Dataset entries
───

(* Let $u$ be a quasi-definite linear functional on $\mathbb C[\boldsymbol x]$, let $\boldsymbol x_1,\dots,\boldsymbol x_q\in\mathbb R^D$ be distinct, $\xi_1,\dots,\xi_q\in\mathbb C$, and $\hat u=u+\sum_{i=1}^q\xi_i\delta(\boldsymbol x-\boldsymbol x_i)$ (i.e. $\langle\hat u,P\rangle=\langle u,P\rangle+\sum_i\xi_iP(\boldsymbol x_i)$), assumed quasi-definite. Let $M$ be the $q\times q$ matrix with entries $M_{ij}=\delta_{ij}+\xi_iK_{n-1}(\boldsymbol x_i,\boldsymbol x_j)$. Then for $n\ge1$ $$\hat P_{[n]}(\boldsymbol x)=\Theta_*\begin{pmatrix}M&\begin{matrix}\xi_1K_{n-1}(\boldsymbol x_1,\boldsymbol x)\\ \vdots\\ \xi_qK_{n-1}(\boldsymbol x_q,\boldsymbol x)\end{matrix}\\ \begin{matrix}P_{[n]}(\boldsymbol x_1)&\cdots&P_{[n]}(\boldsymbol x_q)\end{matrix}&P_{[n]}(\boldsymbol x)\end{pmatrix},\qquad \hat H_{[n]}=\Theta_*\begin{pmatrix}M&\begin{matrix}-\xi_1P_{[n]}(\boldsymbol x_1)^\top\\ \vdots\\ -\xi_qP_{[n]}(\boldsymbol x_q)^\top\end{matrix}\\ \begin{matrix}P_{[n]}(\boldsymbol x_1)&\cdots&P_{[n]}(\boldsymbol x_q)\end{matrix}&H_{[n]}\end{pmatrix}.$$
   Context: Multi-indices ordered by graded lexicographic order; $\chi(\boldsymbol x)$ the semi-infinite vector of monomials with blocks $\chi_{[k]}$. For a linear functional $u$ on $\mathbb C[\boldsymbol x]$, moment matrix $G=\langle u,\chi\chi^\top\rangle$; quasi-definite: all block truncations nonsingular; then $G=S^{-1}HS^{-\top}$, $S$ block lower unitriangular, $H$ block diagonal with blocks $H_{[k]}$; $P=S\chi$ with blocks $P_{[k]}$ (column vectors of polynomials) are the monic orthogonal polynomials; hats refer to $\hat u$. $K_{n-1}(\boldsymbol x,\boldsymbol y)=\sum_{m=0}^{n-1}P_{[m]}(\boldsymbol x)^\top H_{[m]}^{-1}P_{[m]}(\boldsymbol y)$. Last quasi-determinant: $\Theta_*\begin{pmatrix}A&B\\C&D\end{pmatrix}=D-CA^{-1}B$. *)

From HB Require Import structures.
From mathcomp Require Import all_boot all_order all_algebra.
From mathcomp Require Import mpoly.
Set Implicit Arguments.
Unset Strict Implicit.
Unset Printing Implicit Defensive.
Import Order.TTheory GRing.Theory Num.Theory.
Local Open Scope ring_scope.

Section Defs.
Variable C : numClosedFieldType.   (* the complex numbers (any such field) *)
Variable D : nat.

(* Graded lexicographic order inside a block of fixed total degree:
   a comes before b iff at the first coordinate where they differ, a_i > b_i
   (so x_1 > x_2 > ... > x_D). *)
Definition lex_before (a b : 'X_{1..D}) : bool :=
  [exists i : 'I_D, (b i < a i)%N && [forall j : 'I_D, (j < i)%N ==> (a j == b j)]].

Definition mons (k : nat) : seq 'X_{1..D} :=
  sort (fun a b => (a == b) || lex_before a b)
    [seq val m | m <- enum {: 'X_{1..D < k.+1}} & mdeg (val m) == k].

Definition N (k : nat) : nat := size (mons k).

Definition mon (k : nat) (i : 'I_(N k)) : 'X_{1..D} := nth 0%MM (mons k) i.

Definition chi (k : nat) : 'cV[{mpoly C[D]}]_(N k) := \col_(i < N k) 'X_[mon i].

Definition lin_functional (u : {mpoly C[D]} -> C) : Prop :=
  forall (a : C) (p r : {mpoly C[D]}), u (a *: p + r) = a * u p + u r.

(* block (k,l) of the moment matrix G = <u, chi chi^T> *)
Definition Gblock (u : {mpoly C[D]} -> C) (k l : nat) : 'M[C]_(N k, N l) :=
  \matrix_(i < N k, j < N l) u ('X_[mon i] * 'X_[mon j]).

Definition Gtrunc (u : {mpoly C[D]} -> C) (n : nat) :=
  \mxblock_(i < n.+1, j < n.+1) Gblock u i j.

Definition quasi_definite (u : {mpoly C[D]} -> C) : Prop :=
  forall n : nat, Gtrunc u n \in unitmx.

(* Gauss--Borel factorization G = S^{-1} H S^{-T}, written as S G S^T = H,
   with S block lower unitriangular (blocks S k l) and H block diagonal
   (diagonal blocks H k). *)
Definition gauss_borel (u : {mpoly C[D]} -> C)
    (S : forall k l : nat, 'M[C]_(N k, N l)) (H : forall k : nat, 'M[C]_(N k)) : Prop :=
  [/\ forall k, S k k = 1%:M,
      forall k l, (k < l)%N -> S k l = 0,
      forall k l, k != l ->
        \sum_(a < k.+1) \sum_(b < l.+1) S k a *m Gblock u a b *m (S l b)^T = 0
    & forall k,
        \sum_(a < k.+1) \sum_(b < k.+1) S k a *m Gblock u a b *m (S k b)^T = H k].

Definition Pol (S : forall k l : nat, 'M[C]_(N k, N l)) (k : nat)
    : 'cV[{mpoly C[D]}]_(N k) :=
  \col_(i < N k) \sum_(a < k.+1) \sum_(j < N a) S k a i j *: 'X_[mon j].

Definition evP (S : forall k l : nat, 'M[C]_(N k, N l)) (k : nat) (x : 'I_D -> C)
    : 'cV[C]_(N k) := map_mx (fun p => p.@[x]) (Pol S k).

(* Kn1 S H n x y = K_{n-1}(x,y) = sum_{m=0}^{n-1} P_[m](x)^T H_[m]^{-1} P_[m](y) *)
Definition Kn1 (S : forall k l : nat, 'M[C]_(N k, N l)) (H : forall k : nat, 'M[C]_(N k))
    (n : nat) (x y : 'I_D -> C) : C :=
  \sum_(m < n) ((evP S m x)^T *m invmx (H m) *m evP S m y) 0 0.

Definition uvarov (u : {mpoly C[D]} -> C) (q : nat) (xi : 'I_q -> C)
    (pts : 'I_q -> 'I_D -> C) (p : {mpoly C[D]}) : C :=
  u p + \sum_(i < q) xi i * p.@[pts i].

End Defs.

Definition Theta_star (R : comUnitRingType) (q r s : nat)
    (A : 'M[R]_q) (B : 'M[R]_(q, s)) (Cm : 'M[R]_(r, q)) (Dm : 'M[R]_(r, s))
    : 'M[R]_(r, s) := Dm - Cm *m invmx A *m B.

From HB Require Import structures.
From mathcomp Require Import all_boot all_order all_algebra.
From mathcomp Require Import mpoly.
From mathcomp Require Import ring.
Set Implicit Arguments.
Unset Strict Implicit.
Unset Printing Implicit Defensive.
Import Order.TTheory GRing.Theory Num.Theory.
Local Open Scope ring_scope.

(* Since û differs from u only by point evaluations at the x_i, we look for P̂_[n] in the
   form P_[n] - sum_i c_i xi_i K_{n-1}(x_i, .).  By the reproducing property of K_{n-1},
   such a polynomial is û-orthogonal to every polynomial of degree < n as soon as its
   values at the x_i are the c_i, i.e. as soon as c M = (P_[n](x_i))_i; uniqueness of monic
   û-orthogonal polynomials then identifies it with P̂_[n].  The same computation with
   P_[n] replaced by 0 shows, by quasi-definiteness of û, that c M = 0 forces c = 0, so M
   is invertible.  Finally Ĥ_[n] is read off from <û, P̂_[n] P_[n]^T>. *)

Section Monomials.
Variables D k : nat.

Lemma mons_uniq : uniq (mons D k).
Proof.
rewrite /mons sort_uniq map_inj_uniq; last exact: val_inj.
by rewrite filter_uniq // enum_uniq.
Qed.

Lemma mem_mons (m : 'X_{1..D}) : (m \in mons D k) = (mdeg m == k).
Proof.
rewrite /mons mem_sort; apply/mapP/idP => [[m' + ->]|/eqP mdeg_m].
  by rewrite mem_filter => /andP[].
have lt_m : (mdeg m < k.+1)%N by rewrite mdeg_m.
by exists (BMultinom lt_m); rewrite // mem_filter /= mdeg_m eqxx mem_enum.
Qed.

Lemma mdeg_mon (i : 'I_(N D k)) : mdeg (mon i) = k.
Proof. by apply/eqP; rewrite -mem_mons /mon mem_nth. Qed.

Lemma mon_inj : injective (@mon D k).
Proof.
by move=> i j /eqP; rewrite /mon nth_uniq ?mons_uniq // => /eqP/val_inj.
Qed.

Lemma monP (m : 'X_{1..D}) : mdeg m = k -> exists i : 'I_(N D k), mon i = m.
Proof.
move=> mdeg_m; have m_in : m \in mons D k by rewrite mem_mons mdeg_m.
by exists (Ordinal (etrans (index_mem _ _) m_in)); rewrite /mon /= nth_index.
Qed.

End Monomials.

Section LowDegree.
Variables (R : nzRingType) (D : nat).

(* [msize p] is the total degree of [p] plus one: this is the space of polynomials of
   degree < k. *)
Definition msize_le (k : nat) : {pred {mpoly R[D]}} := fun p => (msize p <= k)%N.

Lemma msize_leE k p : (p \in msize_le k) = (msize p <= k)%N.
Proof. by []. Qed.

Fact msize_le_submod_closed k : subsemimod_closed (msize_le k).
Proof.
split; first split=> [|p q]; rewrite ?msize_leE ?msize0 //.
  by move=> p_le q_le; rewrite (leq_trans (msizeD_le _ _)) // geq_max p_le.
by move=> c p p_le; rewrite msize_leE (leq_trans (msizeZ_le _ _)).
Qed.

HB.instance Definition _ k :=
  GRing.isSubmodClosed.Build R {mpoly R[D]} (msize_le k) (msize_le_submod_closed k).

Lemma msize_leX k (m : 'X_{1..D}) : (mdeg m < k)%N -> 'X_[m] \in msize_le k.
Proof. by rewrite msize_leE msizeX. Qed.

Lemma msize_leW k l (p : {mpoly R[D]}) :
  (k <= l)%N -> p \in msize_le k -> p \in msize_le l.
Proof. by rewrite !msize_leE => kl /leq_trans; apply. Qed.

───

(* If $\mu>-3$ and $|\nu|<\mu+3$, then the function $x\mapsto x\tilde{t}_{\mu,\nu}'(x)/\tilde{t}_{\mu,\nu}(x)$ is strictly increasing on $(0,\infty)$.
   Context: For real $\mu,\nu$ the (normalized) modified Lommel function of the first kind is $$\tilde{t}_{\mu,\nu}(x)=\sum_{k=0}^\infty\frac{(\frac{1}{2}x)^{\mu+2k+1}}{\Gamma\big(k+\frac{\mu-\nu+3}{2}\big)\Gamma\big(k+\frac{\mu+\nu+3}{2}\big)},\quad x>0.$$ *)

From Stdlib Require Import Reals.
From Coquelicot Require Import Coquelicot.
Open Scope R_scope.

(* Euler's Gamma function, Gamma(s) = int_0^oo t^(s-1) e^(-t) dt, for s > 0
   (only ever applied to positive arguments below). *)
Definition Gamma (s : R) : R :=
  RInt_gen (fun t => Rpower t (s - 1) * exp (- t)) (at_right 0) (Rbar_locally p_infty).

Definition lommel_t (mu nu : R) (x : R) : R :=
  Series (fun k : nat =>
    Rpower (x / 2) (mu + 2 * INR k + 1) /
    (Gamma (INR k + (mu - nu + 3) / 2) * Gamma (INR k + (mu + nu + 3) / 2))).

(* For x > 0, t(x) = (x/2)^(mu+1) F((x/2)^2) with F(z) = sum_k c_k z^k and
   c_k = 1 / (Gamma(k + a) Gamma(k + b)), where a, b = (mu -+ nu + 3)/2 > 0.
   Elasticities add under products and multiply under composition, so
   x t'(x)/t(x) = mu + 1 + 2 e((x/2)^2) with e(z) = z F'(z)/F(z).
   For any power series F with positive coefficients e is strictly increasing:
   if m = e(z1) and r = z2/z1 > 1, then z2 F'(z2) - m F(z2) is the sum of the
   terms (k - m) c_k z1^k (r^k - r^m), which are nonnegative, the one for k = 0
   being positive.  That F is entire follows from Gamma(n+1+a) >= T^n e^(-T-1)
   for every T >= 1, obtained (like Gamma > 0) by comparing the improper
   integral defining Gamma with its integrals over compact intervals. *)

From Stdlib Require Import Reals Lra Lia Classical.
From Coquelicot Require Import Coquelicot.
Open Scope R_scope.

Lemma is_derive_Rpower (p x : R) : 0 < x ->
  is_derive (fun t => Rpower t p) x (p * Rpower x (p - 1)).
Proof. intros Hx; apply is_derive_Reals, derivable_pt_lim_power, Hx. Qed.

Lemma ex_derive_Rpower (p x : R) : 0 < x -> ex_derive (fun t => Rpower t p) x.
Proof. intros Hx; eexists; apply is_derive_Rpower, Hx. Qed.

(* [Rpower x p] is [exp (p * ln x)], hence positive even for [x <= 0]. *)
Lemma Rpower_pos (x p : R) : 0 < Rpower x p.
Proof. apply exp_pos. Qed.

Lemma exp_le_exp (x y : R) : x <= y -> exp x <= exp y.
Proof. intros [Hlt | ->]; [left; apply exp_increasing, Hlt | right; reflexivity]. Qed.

───

Action item - Starting at the line that has "(* [Rpower x" and ending at the line that has "Proof. intros [Hlt", please write out the lines above exactly, leaving out all others.

Exercise response -
(* [Rpower x p] is [exp (p * ln x)], hence positive even for [x <= 0]. *)
Lemma Rpower_pos (x p : R) : 0 < Rpower x p.
Proof. apply exp_pos. Qed.

Lemma exp_le_exp (x y : R) : x <= y -> exp x <= exp y.
Proof. intros [Hlt | ->]; [left; apply exp_increasing, Hlt | right; reflexivity]. Qed.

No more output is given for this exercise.